WHAT YOU HAVE TO DO → Copy out exactly the stretch of the listing below that begins at the line containing "a)%:R : R) = (P a)%:R." and ends at the line containing "rewrite (bigD1 x)", and copy nothing outside it.

TASK INPUTS →
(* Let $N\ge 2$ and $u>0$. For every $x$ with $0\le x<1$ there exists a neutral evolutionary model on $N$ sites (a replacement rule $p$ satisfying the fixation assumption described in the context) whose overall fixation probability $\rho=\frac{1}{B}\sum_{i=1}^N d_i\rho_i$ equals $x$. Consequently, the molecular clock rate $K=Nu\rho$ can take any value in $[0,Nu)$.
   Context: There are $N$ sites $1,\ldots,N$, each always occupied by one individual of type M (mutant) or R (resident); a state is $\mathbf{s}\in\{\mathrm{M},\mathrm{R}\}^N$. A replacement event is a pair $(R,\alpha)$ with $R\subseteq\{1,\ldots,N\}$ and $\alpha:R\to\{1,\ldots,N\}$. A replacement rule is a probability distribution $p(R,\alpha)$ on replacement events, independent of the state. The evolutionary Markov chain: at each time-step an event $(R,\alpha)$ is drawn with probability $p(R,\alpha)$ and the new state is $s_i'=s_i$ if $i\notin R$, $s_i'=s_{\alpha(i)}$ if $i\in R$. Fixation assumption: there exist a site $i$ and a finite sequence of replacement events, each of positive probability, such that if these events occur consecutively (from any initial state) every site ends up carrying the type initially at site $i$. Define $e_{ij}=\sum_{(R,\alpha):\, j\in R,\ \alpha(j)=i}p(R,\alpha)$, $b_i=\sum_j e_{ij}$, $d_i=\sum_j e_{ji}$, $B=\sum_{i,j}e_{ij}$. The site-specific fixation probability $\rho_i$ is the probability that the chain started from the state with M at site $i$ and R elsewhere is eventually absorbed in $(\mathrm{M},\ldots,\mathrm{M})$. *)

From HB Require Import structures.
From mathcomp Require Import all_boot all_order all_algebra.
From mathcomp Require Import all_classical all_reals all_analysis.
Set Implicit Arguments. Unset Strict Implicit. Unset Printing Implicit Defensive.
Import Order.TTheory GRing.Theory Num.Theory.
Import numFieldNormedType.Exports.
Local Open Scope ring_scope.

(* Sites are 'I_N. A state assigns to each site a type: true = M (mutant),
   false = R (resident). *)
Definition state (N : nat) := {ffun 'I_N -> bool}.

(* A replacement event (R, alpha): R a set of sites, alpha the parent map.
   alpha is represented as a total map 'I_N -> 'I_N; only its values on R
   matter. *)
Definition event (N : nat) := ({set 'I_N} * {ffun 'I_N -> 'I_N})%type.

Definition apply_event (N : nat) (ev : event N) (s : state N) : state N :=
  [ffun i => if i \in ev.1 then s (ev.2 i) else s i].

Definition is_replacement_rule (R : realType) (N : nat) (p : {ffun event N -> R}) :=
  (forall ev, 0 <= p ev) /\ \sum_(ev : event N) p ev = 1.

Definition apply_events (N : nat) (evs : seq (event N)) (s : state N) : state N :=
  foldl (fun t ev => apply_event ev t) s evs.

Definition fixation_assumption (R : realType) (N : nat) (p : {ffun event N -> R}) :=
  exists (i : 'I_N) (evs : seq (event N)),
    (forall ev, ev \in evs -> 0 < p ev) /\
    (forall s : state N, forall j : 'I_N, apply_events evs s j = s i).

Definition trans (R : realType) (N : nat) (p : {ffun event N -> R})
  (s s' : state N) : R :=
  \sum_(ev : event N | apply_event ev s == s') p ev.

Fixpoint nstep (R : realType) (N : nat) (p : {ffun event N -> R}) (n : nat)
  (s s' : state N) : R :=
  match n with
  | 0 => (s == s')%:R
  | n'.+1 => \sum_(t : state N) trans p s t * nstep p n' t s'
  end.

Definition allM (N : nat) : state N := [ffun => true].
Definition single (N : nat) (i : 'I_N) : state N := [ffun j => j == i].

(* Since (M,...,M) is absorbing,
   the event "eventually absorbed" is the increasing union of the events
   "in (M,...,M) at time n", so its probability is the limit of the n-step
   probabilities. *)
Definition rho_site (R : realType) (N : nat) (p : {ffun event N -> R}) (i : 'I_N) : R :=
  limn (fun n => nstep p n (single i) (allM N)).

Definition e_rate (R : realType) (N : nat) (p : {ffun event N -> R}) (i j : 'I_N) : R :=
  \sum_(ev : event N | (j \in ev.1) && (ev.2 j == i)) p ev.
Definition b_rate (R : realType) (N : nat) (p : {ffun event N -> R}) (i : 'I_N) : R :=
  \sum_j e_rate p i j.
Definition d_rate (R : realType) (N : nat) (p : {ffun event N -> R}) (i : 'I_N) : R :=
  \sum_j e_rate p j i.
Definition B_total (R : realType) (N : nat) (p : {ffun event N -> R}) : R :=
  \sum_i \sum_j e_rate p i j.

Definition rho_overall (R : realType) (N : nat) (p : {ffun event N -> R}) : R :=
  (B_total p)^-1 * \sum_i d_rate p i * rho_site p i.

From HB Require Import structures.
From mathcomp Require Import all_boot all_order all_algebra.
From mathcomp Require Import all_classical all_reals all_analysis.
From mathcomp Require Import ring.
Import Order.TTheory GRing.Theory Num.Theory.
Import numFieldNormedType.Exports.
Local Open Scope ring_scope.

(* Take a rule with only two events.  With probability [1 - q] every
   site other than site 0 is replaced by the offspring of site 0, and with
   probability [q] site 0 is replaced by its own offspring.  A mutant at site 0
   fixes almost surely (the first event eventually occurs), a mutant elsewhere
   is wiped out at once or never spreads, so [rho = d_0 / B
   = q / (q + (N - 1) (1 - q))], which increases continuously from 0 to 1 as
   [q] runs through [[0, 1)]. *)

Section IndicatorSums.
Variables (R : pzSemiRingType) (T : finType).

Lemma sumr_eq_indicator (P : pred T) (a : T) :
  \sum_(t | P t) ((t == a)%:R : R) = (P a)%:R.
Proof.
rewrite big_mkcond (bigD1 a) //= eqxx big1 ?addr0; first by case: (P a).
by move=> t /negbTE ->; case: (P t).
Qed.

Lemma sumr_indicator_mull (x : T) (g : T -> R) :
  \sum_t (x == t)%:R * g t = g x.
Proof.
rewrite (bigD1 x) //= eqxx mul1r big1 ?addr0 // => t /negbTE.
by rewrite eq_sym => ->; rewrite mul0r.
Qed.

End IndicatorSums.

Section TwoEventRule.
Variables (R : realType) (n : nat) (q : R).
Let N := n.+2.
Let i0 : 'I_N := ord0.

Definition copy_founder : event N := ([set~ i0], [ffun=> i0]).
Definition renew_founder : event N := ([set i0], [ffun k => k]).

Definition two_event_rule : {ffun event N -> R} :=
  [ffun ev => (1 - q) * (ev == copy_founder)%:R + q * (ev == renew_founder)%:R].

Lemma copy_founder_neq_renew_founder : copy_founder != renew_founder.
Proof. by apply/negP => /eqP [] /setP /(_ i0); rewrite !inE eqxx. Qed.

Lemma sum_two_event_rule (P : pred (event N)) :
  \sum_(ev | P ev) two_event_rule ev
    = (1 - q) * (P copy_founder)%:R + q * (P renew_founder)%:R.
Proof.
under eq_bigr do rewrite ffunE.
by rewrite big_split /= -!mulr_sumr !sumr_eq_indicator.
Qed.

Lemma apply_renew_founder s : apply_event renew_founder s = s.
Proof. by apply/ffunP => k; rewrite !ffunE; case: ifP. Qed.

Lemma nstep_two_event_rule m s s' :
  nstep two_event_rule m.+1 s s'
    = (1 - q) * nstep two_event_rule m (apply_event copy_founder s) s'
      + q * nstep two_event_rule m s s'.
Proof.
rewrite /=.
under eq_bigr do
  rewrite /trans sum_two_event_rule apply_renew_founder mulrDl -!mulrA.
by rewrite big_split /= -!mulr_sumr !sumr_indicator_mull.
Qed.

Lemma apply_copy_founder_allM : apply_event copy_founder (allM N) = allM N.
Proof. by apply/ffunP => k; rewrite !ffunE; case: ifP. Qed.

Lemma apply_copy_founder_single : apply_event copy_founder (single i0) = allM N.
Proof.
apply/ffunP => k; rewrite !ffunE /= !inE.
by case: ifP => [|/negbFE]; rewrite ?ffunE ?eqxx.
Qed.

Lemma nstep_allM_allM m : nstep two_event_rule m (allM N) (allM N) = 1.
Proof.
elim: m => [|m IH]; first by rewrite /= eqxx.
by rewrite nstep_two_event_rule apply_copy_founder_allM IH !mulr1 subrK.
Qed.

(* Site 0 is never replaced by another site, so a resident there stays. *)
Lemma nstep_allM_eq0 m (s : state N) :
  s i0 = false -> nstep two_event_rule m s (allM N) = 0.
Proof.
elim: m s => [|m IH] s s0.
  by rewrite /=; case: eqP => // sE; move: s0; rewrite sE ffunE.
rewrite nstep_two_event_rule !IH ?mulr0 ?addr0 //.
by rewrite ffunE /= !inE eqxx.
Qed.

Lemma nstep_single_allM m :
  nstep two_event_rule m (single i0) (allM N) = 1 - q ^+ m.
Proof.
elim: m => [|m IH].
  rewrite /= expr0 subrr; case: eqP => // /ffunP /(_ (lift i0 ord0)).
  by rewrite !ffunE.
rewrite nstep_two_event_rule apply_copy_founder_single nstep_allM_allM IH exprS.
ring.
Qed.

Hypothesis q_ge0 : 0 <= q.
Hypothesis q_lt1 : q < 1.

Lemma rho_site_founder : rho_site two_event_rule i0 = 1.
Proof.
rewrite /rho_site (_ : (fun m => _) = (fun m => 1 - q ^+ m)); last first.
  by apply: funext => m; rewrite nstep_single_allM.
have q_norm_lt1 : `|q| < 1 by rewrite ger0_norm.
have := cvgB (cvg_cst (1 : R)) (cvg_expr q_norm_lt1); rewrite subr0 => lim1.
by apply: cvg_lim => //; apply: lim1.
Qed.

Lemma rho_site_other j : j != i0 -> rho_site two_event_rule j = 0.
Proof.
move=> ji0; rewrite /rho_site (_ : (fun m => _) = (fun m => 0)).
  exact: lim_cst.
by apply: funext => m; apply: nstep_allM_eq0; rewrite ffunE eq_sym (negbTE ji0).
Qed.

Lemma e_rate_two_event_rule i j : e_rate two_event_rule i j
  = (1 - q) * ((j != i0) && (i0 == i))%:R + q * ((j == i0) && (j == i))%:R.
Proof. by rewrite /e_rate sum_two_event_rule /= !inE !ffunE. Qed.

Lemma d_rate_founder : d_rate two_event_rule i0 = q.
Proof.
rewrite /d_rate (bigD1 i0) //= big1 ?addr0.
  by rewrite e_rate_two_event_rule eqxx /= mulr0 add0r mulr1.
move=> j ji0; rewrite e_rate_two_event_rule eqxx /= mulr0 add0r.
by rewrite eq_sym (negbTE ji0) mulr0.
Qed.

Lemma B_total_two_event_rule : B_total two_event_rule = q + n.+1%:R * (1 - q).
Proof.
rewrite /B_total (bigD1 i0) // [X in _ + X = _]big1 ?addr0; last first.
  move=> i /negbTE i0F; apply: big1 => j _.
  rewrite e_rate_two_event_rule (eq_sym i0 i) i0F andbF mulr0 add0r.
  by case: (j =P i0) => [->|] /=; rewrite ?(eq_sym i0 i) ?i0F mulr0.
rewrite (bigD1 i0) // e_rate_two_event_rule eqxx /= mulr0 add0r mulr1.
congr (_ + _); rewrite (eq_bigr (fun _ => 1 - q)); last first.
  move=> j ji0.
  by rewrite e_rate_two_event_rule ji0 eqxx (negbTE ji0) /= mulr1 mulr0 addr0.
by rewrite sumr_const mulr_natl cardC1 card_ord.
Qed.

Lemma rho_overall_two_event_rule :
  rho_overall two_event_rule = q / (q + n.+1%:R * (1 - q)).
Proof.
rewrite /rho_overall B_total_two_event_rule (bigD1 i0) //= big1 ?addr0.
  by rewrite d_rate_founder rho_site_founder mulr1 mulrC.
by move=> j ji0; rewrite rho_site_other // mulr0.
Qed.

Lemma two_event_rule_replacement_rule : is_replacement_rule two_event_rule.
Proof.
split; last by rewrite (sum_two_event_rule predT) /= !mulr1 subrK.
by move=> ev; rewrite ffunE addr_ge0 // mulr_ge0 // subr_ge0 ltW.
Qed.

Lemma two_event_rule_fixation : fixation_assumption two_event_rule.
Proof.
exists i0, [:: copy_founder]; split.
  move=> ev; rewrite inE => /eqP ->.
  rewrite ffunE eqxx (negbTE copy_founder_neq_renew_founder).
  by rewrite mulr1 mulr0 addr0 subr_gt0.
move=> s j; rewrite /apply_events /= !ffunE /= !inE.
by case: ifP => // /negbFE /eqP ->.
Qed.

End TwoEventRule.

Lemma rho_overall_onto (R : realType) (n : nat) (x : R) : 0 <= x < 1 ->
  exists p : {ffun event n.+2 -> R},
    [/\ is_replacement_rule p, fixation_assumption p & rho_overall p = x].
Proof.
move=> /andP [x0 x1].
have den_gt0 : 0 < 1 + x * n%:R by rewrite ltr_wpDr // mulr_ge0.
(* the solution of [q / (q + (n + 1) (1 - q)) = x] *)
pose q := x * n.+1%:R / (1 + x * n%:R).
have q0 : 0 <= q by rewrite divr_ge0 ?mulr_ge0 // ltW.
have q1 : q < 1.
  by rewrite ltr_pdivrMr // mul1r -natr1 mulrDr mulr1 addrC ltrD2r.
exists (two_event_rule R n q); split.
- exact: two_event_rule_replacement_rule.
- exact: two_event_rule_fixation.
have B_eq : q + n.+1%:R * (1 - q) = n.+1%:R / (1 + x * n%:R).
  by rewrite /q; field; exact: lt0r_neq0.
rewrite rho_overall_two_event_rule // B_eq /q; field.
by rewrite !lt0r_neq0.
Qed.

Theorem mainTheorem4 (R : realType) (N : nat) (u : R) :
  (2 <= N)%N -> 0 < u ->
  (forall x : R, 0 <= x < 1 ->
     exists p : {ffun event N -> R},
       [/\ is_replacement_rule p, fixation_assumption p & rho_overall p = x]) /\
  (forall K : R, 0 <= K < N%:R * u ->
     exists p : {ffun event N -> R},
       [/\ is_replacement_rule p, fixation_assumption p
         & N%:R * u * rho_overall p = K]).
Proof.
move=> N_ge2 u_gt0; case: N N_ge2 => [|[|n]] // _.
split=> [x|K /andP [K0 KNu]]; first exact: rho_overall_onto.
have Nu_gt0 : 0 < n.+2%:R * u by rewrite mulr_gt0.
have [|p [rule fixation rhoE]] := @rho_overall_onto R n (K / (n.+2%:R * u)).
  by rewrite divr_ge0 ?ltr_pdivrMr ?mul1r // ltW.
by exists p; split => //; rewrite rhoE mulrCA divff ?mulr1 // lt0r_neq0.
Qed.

REPLY TO THE TASK →
  \sum_(t | P t) ((t == a)%:R : R) = (P a)%:R.
Proof.
rewrite big_mkcond (bigD1 a) //= eqxx big1 ?addr0; first by case: (P a).
by move=> t /negbTE ->; case: (P t).
Qed.

Lemma sumr_indicator_mull (x : T) (g : T -> R) :
  \sum_t (x == t)%:R * g t = g x.
Proof.
rewrite (bigD1 x) //= eqxx mul1r big1 ?addr0 // => t /negbTE.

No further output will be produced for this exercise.